▶ _WORK ITEM_
Find the line containing "by rewrite big_nat". Retype it and every line after it through the end of the entries, exactly as written, with nothing added.

### DATA FOR THIS EXERCISE ###

Lemma sum_tuple_play_expect K (Q : 'I_K -> RR) n h F :
  \sum_(i < K) Q i = 1 ->
  \sum_(vs : n.-tuple 'I_K) (\prod_(t < n) Q (tnth vs t)) * F (hist_from K h vs)
  = play_expect (fun p => \sum_(i < K) Q i * (if p <= vv K i then 1 else 0)) h n F.
Proof.
move=> Q1; elim: n h => [|n IH] h; first by rewrite sum_tuple0 big_ord0 mul1r.
rewrite sum_tupleS /=; set dQ := (fun p : RR => _).
have round i : \sum_(vs : n.-tuple 'I_K)
    (\prod_(t < n.+1) Q (tnth [tuple of i :: vs] t)) * F (hist_from K h [tuple of i :: vs])
    = Q i * play_expect dQ (rcons h (alg h <= vv K i)) n F.
  rewrite -IH mulr_sumr; apply: eq_bigr => vs _.
  rewrite big_ord_recl /= -mulrA; congr (_ * (_ * _)).
  by apply: eq_bigr => t _; rewrite (tnth_nth (tnth_default vs t)) /= -tnth_nth.
rewrite (eq_bigr _ (fun i _ => round i)).
rewrite (eq_bigr (fun i =>
      Q i * (if alg h <= vv K i then 1 else 0) * play_expect dQ (rcons h true) n F
    + (Q i - Q i * (if alg h <= vv K i then 1 else 0)) * play_expect dQ (rcons h false) n F));
  last by move=> i _; case: ifP => _; ring.
move: (play_expect dQ (rcons h true) n F) (play_expect dQ (rcons h false) n F) => E1 E0.
by rewrite big_split /= -!mulr_suml sumrB Q1 /dQ; ring.
Qed.

End PlayExpectation.

Lemma hist_from_cat alg K h s1 s2 :
  hist_from alg K h (s1 ++ s2) = hist_from alg K (hist_from alg K h s1) s2.
Proof. by rewrite /hist_from foldl_cat. Qed.

Lemma hist_from_extends alg K h s : exists r, hist_from alg K h s = h ++ r.
Proof.
elim: s h => [|i s IH] h /=; first by exists [::]; rewrite cats0.
have [r ->] := IH (rcons h (alg h <= vv K i)).
by exists ((alg h <= vv K i) :: r); rewrite cat_rcons.
Qed.

Lemma size_hist_from alg K h s : size (hist_from alg K h s) = (size h + size s)%N.
Proof.
elim: s h => [|i s IH] h /=; first by rewrite addn0.
by rewrite IH size_rcons addSnnS.
Qed.

Lemma hist_take K alg (s : seq 'I_K) t : (t <= size s)%N ->
  hist K alg (take t s) = take t (hist K alg s).
Proof.
move=> ts; rewrite [hist K alg s](_ : _ = hist_from alg K [::] s) //.
rewrite -{2}(cat_take_drop t s) hist_from_cat.
have [r ->] := hist_from_extends alg K (hist_from alg K [::] (take t s)) (drop t s).
by rewrite take_size_cat // size_hist_from size_take_min; apply/minn_idPl.
Qed.

Definition fb_regret K T j (alg : policy) (y : seq bool) : RR :=
  \sum_(t < T) gap K T j (alg (take t y)).

Lemma regret_fb_regret K T j alg (vs : T.-tuple 'I_K) :
  regret K T j alg vs = fb_regret K T j alg (hist K alg vs).
Proof.
by apply: eq_bigr => t _; rewrite hist_take // size_tuple ltnW.
Qed.

Lemma exp_regretE K T alg :
  (forall j, (2 <= j < K)%N -> \sum_(i < K) Qj K T j i = 1) ->
  exp_regret K T alg = (K%:R - 2)^-1 *
    \sum_(2 <= j < K) play_expect alg (dem K T j) [::] T (fb_regret K T j alg).
Proof.
move=> sumQ; congr (_ * _); rewrite !big_nat; apply: eq_bigr => j hj.
rewrite -(sum_tuple_play_expect alg K (Qj K T j)) ?sumQ //.
by apply: eq_bigr => vs _; rewrite regret_fb_regret.
Qed.

(** * Real inequalities *)

Section ExpInequalities.
Variable R : realType.
Implicit Types a b c k u w x y z : R.

Lemma expR_tangent x z : expR z * (1 + x - z) <= expR x.
Proof.
have -> : expR x = expR z * expR (x - z) by rewrite -exp.expRD addrCA subrr addr0.
by rewrite ler_pM2l ?expR_gt0 // -addrA expR_ge1Dx.
Qed.

Lemma expR_convex w x y : 0 <= w <= 1 ->
  expR (w * x + (1 - w) * y) <= w * expR x + (1 - w) * expR y.
Proof.
move=> /andP[w0 w1]; set z := w * x + (1 - w) * y.
have <- : w * (expR z * (1 + x - z)) + (1 - w) * (expR z * (1 + y - z)) = expR z.
  by rewrite /z; ring.
by apply: lerD; apply: ler_wpM2l; rewrite ?subr_ge0 ?expR_tangent.
Qed.

Lemma expR_chord w c : 0 <= w <= 1 -> expR (w * c) <= 1 - w + w * expR c.
Proof.
by move=> hw; have := expR_convex w c 0 hw; rewrite mulr0 addr0 exp.expR0 mulr1 addrC.
Qed.

Lemma ln_ge_1_inv x : 0 < x -> 1 - x^-1 <= ln x.
Proof.
move=> x0; have := @le_ln1Dx R (x^-1 - 1).
rewrite addrCA subrr addr0 lnV ?posrE // => h.
have : -1 < x^-1 - 1 by have := invr_gt0 x; rewrite x0; lra.
by move/h; lra.
Qed.

(* Change of measure between Bernoulli(w) and Bernoulli(u) at chi-square
   distance (w - u)^2 / (u (1 - u)) <= k: Jensen for Bernoulli(w) applied to
   a + ln(u/w) and b + ln((1-u)/(1-w)), followed by ln t >= 1 - 1/t. *)
Lemma expR_bernoulli_tilt w u k a b : 0 < w < 1 -> 0 < u < 1 ->
  (w - u) ^+ 2 <= k * (u * (1 - u)) ->
  expR (w * a + (1 - w) * b - k) <= u * expR a + (1 - u) * expR b.
Proof.
move=> /andP[w0 w1] /andP[u0 u1] hk.
have w'0 : 0 < 1 - w by lra.
have u'0 : 0 < 1 - u by lra.
set x := a + ln (u / w); set y := b + ln ((1 - u) / (1 - w)).
have -> : u * expR a + (1 - u) * expR b = w * expR x + (1 - w) * expR y.
  rewrite !exp.expRD !lnK ?posrE ?divr_gt0 //.
  by field; apply/andP; split; apply/eqP; lra.
apply: le_trans (expR_convex w x y _); last by apply/andP; split; lra.
rewrite ler_expR /x /y.
have l1 := ln_ge_1_inv _ (divr_gt0 u0 w0).
have l2 := ln_ge_1_inv _ (divr_gt0 u'0 w'0).
have e : w * (1 - (u / w)^-1) + (1 - w) * (1 - ((1 - u) / (1 - w))^-1)
     = - ((w - u) ^+ 2 / (u * (1 - u))).
  by field; do ! (apply/andP; split); apply/eqP; lra.
have hk' : (w - u) ^+ 2 / (u * (1 - u)) <= k by rewrite ler_pdivrMr // mulr_gt0.
have : w * (1 - (u / w)^-1) <= w * ln (u / w) by rewrite ler_wpM2l //; lra.
have : (1 - w) * (1 - ((1 - u) / (1 - w))^-1) <= (1 - w) * ln ((1 - u) / (1 - w)).
  by rewrite ler_wpM2l //; lra.
lra.
Qed.

Lemma expR_Nhalf_le : expR (- 2^-1) <= 5 / 8 :> R.
Proof.
have h1 : 9 / 8 <= expR (8^-1) :> R by have := expR_ge1Dx (8^-1 : R); lra.
have h2 : expR (2^-1) = expR (8^-1) ^+ 4 :> R by rewrite -expRM_natl; congr expR; field.
have h3 : (9 / 8) ^+ 4 <= expR (8^-1) ^+ 4 :> R.
  by rewrite lerXn2r // ?nnegrE ?expR_ge0 //; lra.
rewrite expRN h2 -[5/8]invrK lef_pV2 ?posrE ?exprn_gt0 ?expR_gt0 //; lra.
Qed.

End ExpInequalities.

Lemma bernoulli_shift_chi2 (R : realFieldType) (q e : R) :
  0 < q <= 2^-1 -> 0 <= e -> 7 * e <= q ->
  ((1 - q) - (1 - q + e)) ^+ 2 <= 7 / 3 * e ^+ 2 / q * ((1 - q + e) * (1 - (1 - q + e))).
Proof.
move=> /andP[q0 q2] e0 eq.
have h : 3 / 7 * q <= (1 - q + e) * (1 - (1 - q + e)) by nra.
have e2 : 0 <= e ^+ 2 by rewrite sqr_ge0.
rewrite (_ : (1 - q - (1 - q + e)) ^+ 2 = e ^+ 2); last by ring.
rewrite mulrAC ler_pdivlMr //; nra.
Qed.

Lemma sum_le_split_at (K m : nat) (Tr B : RR) (E C : nat -> RR) :
  (1 <= m < K)%N -> 0 <= Tr -> 0 <= B ->
  (forall j, (2 <= j < K)%N ->
     [/\ E j <= Tr, 0 <= C j & E j <= 8 / 3 * (2^-1 + B / (j.-1)%:R) * C j]) ->
  \sum_(2 <= j < K) C j <= Tr ->
  \sum_(2 <= j < K) E j <= (m%:R - 1 + 8 / 3 * (2^-1 + B / m%:R)) * Tr.
Proof.
move=> /andP[m1 mK] Tr0 B0 hEC sumC.
have m1r : (1 : RR) <= m%:R by rewrite (ler_nat _ 1).
rewrite mulrDl (big_cat_nat _ (n := m.+1)) /=; [apply: lerD | lia | lia].
  apply: le_trans (_ : \sum_(2 <= j < m.+1) Tr <= _).
    by rewrite !big_nat ler_sum // => j hj; have [] := hEC j ltac:(lia).
  rewrite sumr_const_nat -[Tr *+ _]mulr_natl natrB; last by lia.
  by rewrite -natr1 (_ : m%:R + 1 - 2 = m%:R - 1 :> RR) //; ring.
set c := 8 / 3 * (2^-1 + B / m%:R).
have c0 : 0 <= c by rewrite /c mulr_ge0 ?addr_ge0 ?divr_ge0 //; lra.
apply: le_trans (_ : \sum_(m.+1 <= j < K) c * C j <= _).
  rewrite !big_nat ler_sum // => j /andP[mj jK]; have [_ C0 hE] := hEC j ltac:(lia).
  apply: le_trans hE _; apply: ler_wpM2r => //; apply: ler_wpM2l; first lra.
  rewrite lerD2l; apply: ler_wpM2l => //.
  have mj1 : m%:R <= (j.-1)%:R :> RR by rewrite ler_nat; lia.
  by rewrite lef_pV2 ?posrE //; lra.
rewrite -mulr_sumr ler_wpM2l //; apply: le_trans sumC.
rewrite [X in _ <= X](big_cat_nat _ (n := m.+1)) /= ?lerDr; [|lia|lia].
by rewrite big_nat sumr_ge0 // => j hj; have [] := hEC j ltac:(lia).
Qed.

###

▶ _PROBLEM SOLUTION_
by rewrite big_nat sumr_ge0 // => j hj; have [] := hEC j ltac:(lia).
Qed.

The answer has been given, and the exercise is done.